#United States #Minneapolis #FDA Clearance #Arcuro Medical #SuperBall-RC

Arcuro Medical's Latest Innovation: The SuperBall-RC™ System

Arcuro Medical Ltd., a leader in the development of minimally invasive orthopedic solutions, has recently announced that it has received FDA 510(k) clearance for its SuperBall-RC™ product. This innovative system is specifically designed for rotator cuff repair, a common procedure where patients often face re-tear rates as high as 20-40%, particularly in those over the age of 50. Such statistics highlight the critical need for improved surgical solutions in this area.

The SuperBall-RC™ is built upon Arcuro's established SuperBall technology platform, which has demonstrated success in over 5,000 meniscus repair procedures. The technology effectively addresses the complexities associated with rotator cuff augmentation, particularly when using biologic or biosynthetic grafts. Traditional surgical techniques can be technically demanding, creating a gap that this new instrument aims to fill.

Dr. Philip Davidson, the Medical Director at Arcuro, has praised the SuperBall-RC™ for its ability to enable safe and straightforward fixation of augmentation grafts, noting, "The device has exceeded my expectations and offers a very attractive alternative to fixate augmentation patches and enhance healing." This statement reflects the hope and optimism surrounding the new system's potential impact on surgical outcomes.
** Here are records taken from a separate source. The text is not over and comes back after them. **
Lemma RInt_lemma3_integrand_le (a b : R) :
  1 < alpha -> 0 < a -> a <= b -> RInt (lemma3_integrand alpha) a b <= 1 + 1 / (alpha - 1).
Proof.
  intros Ha Ha0 Hab.
  set (a' := Rmin a 1); set (b' := Rmax b 1).
  assert (Ha' : 0 < a' <= 1) by (split; [apply Rmin_glb_lt; lra | apply Rmin_r]).
  assert (Hb' : 1 <= b') by apply Rmax_r.
  apply Rle_trans with (RInt (lemma3_integrand alpha) a' b').
  { apply RInt_le_superinterval;
      [exact ex_RInt_lemma3_integrand | intros; left; apply lemma3_integrand_gt_0
      | lra | apply Rmin_l | exact Hab | apply Rmax_l]. }
  rewrite <- (RInt_Chasles _ a' 1 b') by (apply ex_RInt_lemma3_integrand; lra).
  change (plus ?x ?y) with (x + y).
  assert (H01 : RInt (lemma3_integrand alpha) a' 1 <= (1 - a') * 1).
  { apply RInt_le_const; [lra | apply ex_RInt_lemma3_integrand; lra |].
    intros; apply lemma3_integrand_le_1. }
  assert (Htail := is_RInt_Rpower (- alpha) 1 b' ltac:(lra) ltac:(lra) ltac:(lra)).
  assert (H1b : RInt (lemma3_integrand alpha) 1 b' <= RInt (fun y => Rpower y (- alpha)) 1 b').
  { apply RInt_le; [lra | apply ex_RInt_lemma3_integrand; lra | eexists; exact Htail |].
    intros; apply lemma3_integrand_le_Rpower. }
  rewrite (is_RInt_unique _ _ _ _ Htail), Rpower_1_l in H1b.
  assert (Hdiv : (Rpower b' (- alpha + 1) - 1) / (- alpha + 1) <= 1 / (alpha - 1)).
  { replace ((Rpower b' (- alpha + 1) - 1) / (- alpha + 1))
      with (1 / (alpha - 1) - Rpower b' (- alpha + 1) / (alpha - 1)) by (field; lra).
    assert (Hal : 0 < alpha - 1) by lra.
    pose proof (Rdiv_lt_0_compat _ _ (Rpower_gt_0 b' (- alpha + 1)) Hal).
    lra. }
  lra.
Qed.

End Integrand.

Theorem lemma3 (lambda alpha beta gamma : R)
  (Hl : 0 < lambda) (Hab : alpha <= beta) (Ha : 1 < alpha)
  (Hg : alpha / beta <= gamma) :
  exists I : R,
    is_RInt_gen (lemma3_integrand alpha) (at_right 0) (Rbar_locally p_infty) I /\
    exists s : R,
      is_series (fun n : nat => lemma3_term alpha beta gamma lambda (INR (S n))) s /\
      s <= Rpower lambda (- ((1 + beta * gamma - alpha) / beta))
           * Rpower 2 (1 - alpha / beta) * I.
Proof.
  set (h := lemma3_integrand alpha).
  destruct (is_RInt_gen_of_RInt_bounded h (ex_RInt_lemma3_integrand alpha)
              (fun y _ => Rlt_le _ _ (lemma3_integrand_gt_0 alpha y)) (1 + 1 / (alpha - 1))
              (fun a b => RInt_lemma3_integrand_le alpha a b Ha)) as [I [HI HIub]].
  exists I; split; [exact HI |].
  set (K := Rpower lambda (- ((1 + beta * gamma - alpha) / beta)) * Rpower 2 (1 - alpha / beta)).
  set (c := Rpower lambda (1 / beta)).
  assert (HK : 0 < K) by (apply Rmult_lt_0_compat; apply Rpower_gt_0).
  assert (Hc : 0 < c) by apply Rpower_gt_0.
  set (g := fun x => K * c * h (c * x)).
  assert (Hg_RInt : forall a b, 0 < a -> 0 < b -> is_RInt g a b (K * RInt h (c * a) (c * b))).
  { intros a b Ha0 Hb0; apply is_RInt_scal_comp_mul, ex_RInt_lemma3_integrand; nra. }
  apply is_series_of_bounded_sum_n.
  { intros n; left; apply Rdiv_lt_0_compat; apply Rpower_gt_0. }
  intros N; apply Rle_trans with (sum_n (fun n => g (INR (S n))) N).
  { apply sum_n_m_le; intros n; apply lemma3_term_le; try lra; apply lt_0_INR, Nat.lt_0_succ. }
  apply sum_n_le_of_RInt_le.
  - intros a b Ha0 Hb0; eexists; apply Hg_RInt; assumption.
  - intros x y Hx Hxy; apply Rmult_le_compat_l; [nra |].
    apply lemma3_integrand_decr; nra.
  - intros a b Ha0 Hab0.
    rewrite (is_RInt_unique _ _ _ _ (Hg_RInt a b Ha0 ltac:(lra))).
    apply Rmult_le_compat_l; [lra | apply HIub; nra].
Qed.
Jamal Rushdy, Arcuro's CEO, expressed enthusiasm for this significant regulatory achievement, emphasizing the importance of this milestone for the company. He commended the efforts of the product development and regulatory teams, stating, "We are thrilled to have received this regulatory clearance, which will enable surgeons to improve rotator cuff repair outcomes for their patients." With the SuperBall-RC™ poised to enter a limited user release in the second quarter of 2025, there is a palpable sense of excitement regarding its imminent market debut.

The initial phase of release is a strategic move as Arcuro anticipates full launch in the latter half of 2025, ahead of schedule, thanks to the timely approval from the FDA. The company plans to showcase the SuperBall-RC™ further at prominent upcoming events, including the Canaccord Genuity Musculoskeletal Conference in San Diego and the LSI Emerging MedTech Summit in Dana Point.

Arcuro Medical, headquartered in Israel with operations in both Minneapolis, Minnesota and Naples, Florida, is backed by The Trendlines Group and has an experienced team with over 40 years in the medical device sector. This background equips them to continue innovating within the field of sports medicine, ultimately striving to enhance the quality of life for patients.

As they expand their distribution network to introduce the SuperBall technology to healthcare professionals globally, Arcuro remains committed to developing transformative solutions. For additional details about the SuperBall-RC™ and other innovations by Arcuro Medical, visit their official website at arcuromedical.com.

In summary, the FDA clearance for the SuperBall-RC™ marks a pivotal moment not just for Arcuro Medical but for orthopedic surgery as a whole. By answering the call for more effective and simpler surgical solutions to common problems, they lay the groundwork for better patient outcomes in rotator cuff repair surgeries.